Arachidonoyl ethanolamide (anandamide) is a naturally occurring brain constituent that binds to a specific brain cannabinoid receptor (CBR1). An amidase activity (anandamide amidase) in membrane fractions of brain and in cultured neuroblastoma cells rapidly degrades anandamide to arachidonic acid (Deutsch, D. G., and Chin, S. (1993) Biochem. Pharmacol. 46, 791-796). In the current study, analogs of anandamide representing three classes of putative transition-state inhibitor (trifluoromethyl ketones, alpha-keto esters, and alpha-keto amides) were synthesized and tested as inhibitors of anandamide hydrolysis in vitro and as ligands for CBR1. The trifluoromethyl ketones and alpha-keto esters showed nearly 100% inhibition of anandamide hydrolysis in vitro at 7.5 microM inhibitor and 27.7 microM anandamide. Arachidonyl trifluoromethyl ketone was the only synthetic compound in the series of fatty acid derivatives able to displace [3H]CP-55940 binding to CBR1 with a Ki of 0.65 microM. It was also the most effective inhibitor in intact neuroblastoma cells, leading to a 12-fold increase of cellular anandamide levels at 12 microM. From the action of these inhibitors on this hydrolytic enzyme, it seems likely that anandamide is cleaved by a mechanism that involves an active-site serine hydroxyl group. These inhibitors may serve as useful tools to elucidate the role anandamide plays in vivo.
Arachidonyl trifluoromethyl ketone, a potent inhibitor of 85-kDa phospholipase A2, blocks production of arachidonate and 12-hydroxyeicosatetraenoic acid by calcium ionophore-challenged platelets.[Pubmed:8195210]
J Biol Chem. 1994 Jun 3;269(22):15619-24.
Arachidonyl trifluoromethyl ketone (AACOCF3) is a potent and selective slow binding inhibitor of the 85-kDa cytosolic phospholipase A2 (cPLA2) (Street, I. P., Lin, H.-K., Laliberte, F., Ghomashchi, F., Wang, Z., Perrier, H., Tremblay, N. M., Huang, Z., Weech, P. K., and Gelb, M. H. (1993) Biochemistry 32, 5935-5940). AACOCF3 and a number of its structural analogues have been used to investigate the role of cPLA2 in the cellular generation of free arachidonic acid (AA) and in eicosanoid biosynthesis. AACOCF3 inhibited the release of AA from calcium ionophore-challenged U937 cells (IC50 = 8 microM, 2 x 10(6) cells ml-1) and from platelets (IC50 = 2 microM, 4 x 10(7) cells ml-1). Arachidonyl methyl ketone (AACOCH3) and AACH(OH)CF3, both of which are noninhibitory to the purified cPLA2, did not inhibit the production of AA in the ionophore-challenged cells. In addition to the release of AA, AACOCF3 also inhibited the production of 12-hydroxyeicosatetraenoic acid (12-HETE) and thromboxane B2, two of the major metabolites of AA produced by platelets. The inhibition of 12-HETE biosynthesis showed a dose dependence similar to that of AA release in ionophore-challenged platelets; however, when platelet 12-HETE production was stimulated with 10 microM AA to circumvent the PLA2-dependent step, AACOCF3 no longer inhibited the production of 12-HETE. In contrast, AACOCF3 blocked thromboxane B2 formation by both calcium ionophore- and AA-challenged platelets, indicating that the compound affects the cyclooxygenase pathway in addition to AA release.

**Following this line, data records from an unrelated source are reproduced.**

Lemma poly_eq_on_prim_root_powers (p q : {poly R}) :
  (size p <= n)%N -> (size q <= n)%N ->
  (forall k, (k < n)%N -> p.[w ^+ k] = q.[w ^+ k]) -> p = q.
Proof.
move=> szp szq pqE; apply/eqP; rewrite -subr_eq0; apply/eqP.
apply: (@roots_geq_poly_eq0 _ _ (mkseq (fun k => w ^+ k) n)).
- apply/allP=> x /mapP [k]; rewrite mem_iota => /andP [_ ltkn] ->.
  by rewrite /root hornerD hornerN pqE ?subrr.
- rewrite map_inj_in_uniq ?iota_uniq // => i j; rewrite !mem_iota.
  by move=> /andP [_ ltin] /andP [_ ltjn]; apply: prim_root_expr_inj.
- by rewrite size_mkseq (leq_trans (size_polyD _ _)) // size_polyN geq_max szp szq.
Qed.

End PrimitiveRoot.

Lemma prim_root_mul_conj {C : numClosedFieldType} {n} {w : C} :
  n.-primitive_root w -> w * w^* = 1.
Proof.
move=> prim_w; have := congr1 Num.norm (prim_expr_order prim_w).
rewrite normrX normr1 => /eqP; rewrite pexpr_eq1 ?(prim_order_gt0 prim_w) // => /eqP w1.
by rewrite -normCK w1 expr1n.
Qed.

Section Autocorrelation.

Context {C : numClosedFieldType} (N : nat).
Implicit Types (p q : {poly C}) (w z : C).

Definition conj_rev p : {poly C} := \poly_(j < N) (p`_(N.-1 - j))^*.
Definition autocorr p := p * conj_rev p.
Definition mixed_autocorr w p :=
  (p \Po (w *: 'X)) * conj_rev p + p * conj_rev (p \Po (w *: 'X)).

Lemma conj_rev_eq0 p : (size p <= N)%N -> (conj_rev p == 0) = (p == 0).
Proof.
move=> szp; apply/eqP/eqP => [rp0 | ->]; last first.
  by apply/polyP=> j; rewrite coef_poly !coef0 conjC0 if_same.
apply/polyP=> j; rewrite coef0.
have [ltjN | leNj] := ltnP j N; last by rewrite nth_default // (leq_trans szp).
have := congr1 (coefp (N.-1 - j)) rp0; rewrite /= coef_poly coef0 ifT; last by lia.
have -> : (N.-1 - (N.-1 - j) = j)%N by lia.
by move/eqP; rewrite conjC_eq0 => /eqP.
Qed.

Lemma conj_revZ c p : conj_rev (c *: p) = c^* *: conj_rev p.
Proof.
apply/polyP=> j; rewrite coefZ !coef_poly coefZ rmorphM.
by case: ifP; rewrite ?mulr0.
Qed.

Lemma conj_rev_comp_scaleX w p : w * w^* = 1 ->
  conj_rev (p \Po (w *: 'X)) = w^* ^+ N.-1 *: (conj_rev p \Po (w *: 'X)).
Proof.
move=> ww; apply/polyP=> j; rewrite coefZ coef_comp_scaleX !coef_poly coef_comp_scaleX.
case: ifP => ltjN; last by rewrite mul0r mulr0.
have wjE : w^* ^+ N.-1 * w ^+ j = w^* ^+ (N.-1 - j).
  rewrite -{1}(subnK (_ : j <= N.-1)%N); last by lia.
  by rewrite exprD -mulrA -exprMn (mulrC w^*) ww expr1n mulr1.
by rewrite rmorphM rmorphXn /= mulrCA wjE mulrC.
Qed.

Lemma horner_conj_rev p z : (size p <= N)%N -> z * z^* = 1 ->
  (conj_rev p).[z] = z ^+ N.-1 * (p.[z])^*.
Proof.
move=> szp zz; rewrite horner_poly (horner_coef_wide z szp) rmorph_sum mulr_sumr.
rewrite (reindex_inj rev_ord_inj) /=; apply: eq_bigr => i _.
have -> : (N.-1 - (N - i.+1) = i)%N by have := ltn_ord i; lia.
rewrite rmorphM rmorphXn /= mulrCA; congr (_ * _).
have -> : N.-1 = (N - i.+1 + i)%N by have := ltn_ord i; lia.
by rewrite exprD -mulrA -exprMn zz expr1n mulr1.
Qed.

Lemma size_mul_le_double p q : (size p <= N)%N -> (size q <= N)%N ->
  (size (p * q)%R <= 2 * N - 1)%N.
Proof. by move=> szp szq; apply: (leq_trans (size_polyMleq _ _)); lia. Qed.

Lemma size_autocorr p : (size p <= N)%N -> (size (autocorr p) <= 2 * N - 1)%N.
Proof. by move=> szp; apply: size_mul_le_double => //; apply: size_poly. Qed.

Lemma size_mixed_autocorr w p : w != 0 -> (size p <= N)%N ->
  (size (mixed_autocorr w p) <= 2 * N - 1)%N.
Proof.
move=> w0 szp; apply: (leq_trans (size_polyD _ _)); rewrite geq_max.
by rewrite !size_mul_le_double ?size_comp_scaleX ?size_poly.
Qed.

Lemma autocorr_eq0 p : (size p <= N)%N -> (autocorr p == 0) = (p == 0).
Proof. by move=> szp; rewrite mulf_eq0 conj_rev_eq0 // orbb. Qed.

Lemma autocorrZ c p : autocorr (c *: p) = `|c| ^+ 2 *: autocorr p.
Proof. by rewrite /autocorr conj_revZ -scalerAl -scalerAr scalerA normCK. Qed.

Lemma horner_autocorr p z : (size p <= N)%N -> z * z^* = 1 ->
  (autocorr p).[z] = z ^+ N.-1 * `|p.[z]| ^+ 2.
Proof. by move=> szp zz; rewrite hornerM horner_conj_rev // normCK mulrCA. Qed.

(* Polarization: [2 Re (a conj b) = |a|^2 + |b|^2 - |a - b|^2]. *)
Lemma horner_mixed_autocorr w p z : w != 0 -> (size p <= N)%N -> z * z^* = 1 ->
  (mixed_autocorr w p).[z] =
  z ^+ N.-1 * (`|p.[w * z]| ^+ 2 + `|p.[z]| ^+ 2 - `|p.[w * z] - p.[z]| ^+ 2).
Proof.
move=> w0 szp zz.
rewrite hornerD !hornerM !horner_conj_rev ?size_comp_scaleX //.
by rewrite !horner_comp hornerZ hornerX !normCK rmorphB /=; ring.
Qed.
Lemma exec_add_loop k (mu : store) a : mu 3 = [::] -> size (mu 2) = k -> mu 1 = nseq a one ->
  exists mu', [/\ exec mu add_loop true mu', mu' 1 = nseq (k + a) one, mu' 3 = [::]
                & mu' 0 = mu 0].
Proof.
elim: k mu a => [|k IH] mu a h3 h2 h1.
  exists mu; split=> //; apply: E_wh_f; rewrite eval_nonempty // h2.
  by move/bool_w_true.
pose mu1 := upd (upd mu 1 (one :: mu 1)) 2 (behead (mu 2)).
have hx1 : exec mu (Seq (Asg 1 (Op osc [:: Var O 1])) (Asg 2 (Op opr [:: Var O 2]))) true mu1.
  apply: E_seq_top; first exact: E_asg.
  have -> : mu1 = upd (upd mu 1 (eval mu (Op osc [:: Var O 1]))) 2
     (eval (upd mu 1 (eval mu (Op osc [:: Var O 1]))) (Op opr [:: Var O 2])).
    by rewrite /mu1 /= (proj2 hsc) (proj2 hpr).
  exact: E_asg.
have [|||mu' [hx h1' h3' h0']] := IH mu1 a.+1; rewrite /mu1 /upd //=.
- by rewrite size_behead h2.
- by rewrite h1.
exists mu'; split=> //; last by rewrite h1' addnS.
apply: E_wh_t; first by rewrite eval_nonempty // h2; apply/bool_w_true.
exact: E_seq_top hx1 hx.
Qed.

Lemma exec_double_loop n (mu : store) a : mu 3 = [::] -> size (mu 0) = n ->
  mu 1 = nseq a one -> exists mu', exec mu double_loop true mu' /\ mu' 1 = nseq (a * 2 ^ n) one.
Proof.
elim: n mu a => [|n IH] mu a h3 h0 h1.
  exists mu; split; last by rewrite expn0 muln1.
  by apply: E_wh_f; rewrite eval_nonempty // h0 => /bool_w_true.
pose mu1 := upd mu 2 (mu 1).
have [|||mu2 [hx2 h12 h32 h02]] := exec_add_loop (k := a) (mu := mu1) (a := a).
- by [].
- by rewrite /mu1 /upd /= h1 size_nseq.
- by rewrite /mu1 /upd /= h1.
pose mu3 := upd mu2 0 (behead (mu2 0)).
have [|||mu' [hx' h1']] := IH mu3 (a + a); rewrite /mu3 /upd //=.
  by rewrite size_behead h02 /mu1 /upd /= h0.
exists mu'; split; last by rewrite h1' expnS mulnA muln2 addnn.
apply: E_wh_t; first by rewrite eval_nonempty // h0; apply/bool_w_true.
apply: E_seq_top hx'; apply: E_seq_top; first exact: E_asg.
apply: E_seq_top hx2 _.
have -> : mu3 = upd mu2 0 (eval mu2 (Op opr [:: Var O 0])) by rewrite /mu3 /= (proj2 hpr).
exact: E_asg.
Qed.

Lemma exp_prog_sem (w : seq Sigma) : exists b mu',
  exec (init_store (store0 Sigma) [:: 0] [:: w]) (body exp_prog) b mu' /\
  mu' 1 = nseq (2 ^ size w) one.
Proof.
set mu0 := init_store _ _ _.
pose mu1 := upd mu0 1 (eval mu0 (Op osc [:: Var O 3])).
have [|||mu' [hx h1]] := exec_double_loop (n := size w) (mu := mu1) (a := 1); rewrite /mu1 /upd //=.
  by rewrite (proj2 hsc).
exists true, mu'; split; last by rewrite h1 mul1n.
by apply: E_seq_top hx; apply: E_asg.
Qed.

Lemma exp_prog_TERM : TERM one ar sem exp_prog.
Proof.
split; first by rewrite /wf_prog /= (proj1 hlt) (proj1 hsc) (proj1 hpr).
case=> [|w [|w' ws]] // _; have [b [mu' [hx h1]]] := exp_prog_sem w.
by exists (mu' 1), b, mu'.
Qed.

Lemma exp_prog_not_SAFE_AP (Q : prog O) : SAFE zero one ar sem Q -> AP one sem Q ->
  ~ same_fun one sem Q exp_prog.
Proof.
case=> Delta [Gamma [t [hsafe Hty]]] hAP [hsz hsame].
pose V := ret Q :: params Q ++ varsS (body Q).
have hV : all (mem V) (varsS (body Q)) by apply/allP => x hx; rewrite /V !inE mem_cat hx !orbT.
have [c hc] := styp_size_bounded hsafe (AP_aperiodic hAP) Hty hV.
have [n hn] := exp2_beats_poly_bound c.
have [b [mu' [hx h1]]] := exp_prog_sem (nseq n one).
have hsem : prog_sem one sem exp_prog [:: nseq n one] (nseq (2 ^ n) one).
  by exists b, mu'; split=> //; rewrite /= h1 size_nseq.
have [bq [muq [hxq hretq]]] := proj2 (hsame [:: nseq n one] _ (esym hsz)) hsem.
set mu0 := init_store (store0 Sigma) (params Q) [:: nseq n one] in hxq.
have h0 : max_size Gamma V 0 mu0 <= n.
  apply/max_size_leq => x _ _; apply: size_init_store => // w.
  by rewrite inE => /eqP ->; rewrite size_nseq.
move: hn; rewrite ltnNge => /negP; apply.
rewrite -(size_nseq (2 ^ n) one) -hretq.
apply: leq_trans (leq_trans _ (hc _ _ _ (in_tree_root one sem _ mu0) hxq)) (leq_poly_boundr _ h0).
by apply: above_max_size; rewrite ?inE ?eqxx.
Qed.

End Exponential.

Unset Implicit Arguments.

Theorem mainTheorem3 (Sigma : finType) (zero one : Sigma) (O : Type)
  (ar : O -> nat) (sem : O -> seq (seq Sigma) -> seq Sigma) :
  zero != one ->
  has_basic_ops zero one ar sem ->
  (forall P : prog O, SAFE zero one ar sem P -> AP one sem P -> TERM one ar sem P) /\
  (exists P : prog O, TERM one ar sem P /\
     forall Q : prog O, SAFE zero one ar sem Q -> AP one sem Q -> ~ same_fun one sem Q P).
Proof.
move=> hz [_ [[olt hlt] [_ [_ [[osc hsc] [[opr hpr] _]]]]]].
split; first exact: SAFE_AP_TERM.
exists (exp_prog olt osc opr); split; first exact: (exp_prog_TERM hz hlt hsc hpr).
exact: (exp_prog_not_SAFE_AP hz hlt hsc hpr).
Qed.
Definition nat_basis (F : fieldType) (E : lmodType F) (e : nat -> E) : Prop :=
  (forall (n : nat) (c : 'I_n -> F),
      \sum_(i < n) c i *: e i = 0 -> forall i, c i = 0) /\
  (forall v : E, exists (n : nat) (c : 'I_n -> F), v = \sum_(i < n) c i *: e i).

Definition is_linear_map (F : fieldType) (E : lmodType F) (T : E -> E) : Prop :=
  forall (a : F) (u v : E), T (a *: u + v) = a *: T u + T v.

Definition LE (F : fieldType) (E : lmodType F) : set (E -> E) :=
  [set T | is_linear_map T].

(* Basic open neighbourhoods of the product topology on E^E (E discrete):
   S agrees with T on the finite list of points xs. *)
Definition agree_on (F : fieldType) (E : lmodType F) (xs : seq E) (S T : E -> E) :
  Prop := forall x, x \in xs -> S x = T x.

Definition LE_closed (F : fieldType) (E : lmodType F) (P : set (E -> E)) : Prop :=
  P `<=` @LE F E /\
  forall T, @LE F E T -> (forall xs : seq E, exists S, P S /\ agree_on xs S T) -> P T.

Definition LE_perfect (F : fieldType) (E : lmodType F) (P : set (E -> E)) : Prop :=
  LE_closed P /\
  forall T, P T -> forall xs : seq E, exists S, P S /\ S <> T /\ agree_on xs S T.

Definition baire_continuous (F : fieldType) (E : lmodType F)
  (f : (nat -> nat) -> (E -> E)) : Prop :=
  forall (alpha : nat -> nat) (x : E), exists n : nat,
    forall beta : nat -> nat, (forall i, (i < n)%N -> beta i = alpha i) ->
      f beta x = f alpha x.

Definition LE_analytic (F : fieldType) (E : lmodType F) (A : set (E -> E)) : Prop :=
  A `<=` @LE F E /\
  (A = set0 \/ exists f : (nat -> nat) -> (E -> E),
                 baire_continuous f /\ range f = A).

Definition subspace (F : fieldType) (E : lmodType F) (V : set E) : Prop :=
  V 0 /\ forall (a : F) (u v : E), V u -> V v -> V (a *: u + v).

Definition infinite_dim (F : fieldType) (E : lmodType F) (V : set E) : Prop :=
  forall n : nat, exists v : 'I_n -> E,
    (forall i, V (v i)) /\
    forall c : 'I_n -> F, \sum_(i < n) c i *: v i = 0 -> forall i, c i = 0.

The crude cytosol and membrane fractions from platelets were assayed for calcium-dependent and calcium-independent PLA2 activities and for the susceptibility of each to inhibition by AACOCF3. At AACOCF3 concentrations as high as 10 mol %, only one of the observed PLA2 activities was inhibited by more than 25%. The AACOCF3-susceptible PLA2 (77% inhibition at 1.6 mol %) was found in the cytosolic platelet fraction and showed the functional characteristics of the cPLA2. These results suggest that the cPLA2 plays an important role in the generation of free AA for 12-HETE biosynthesis in platelets.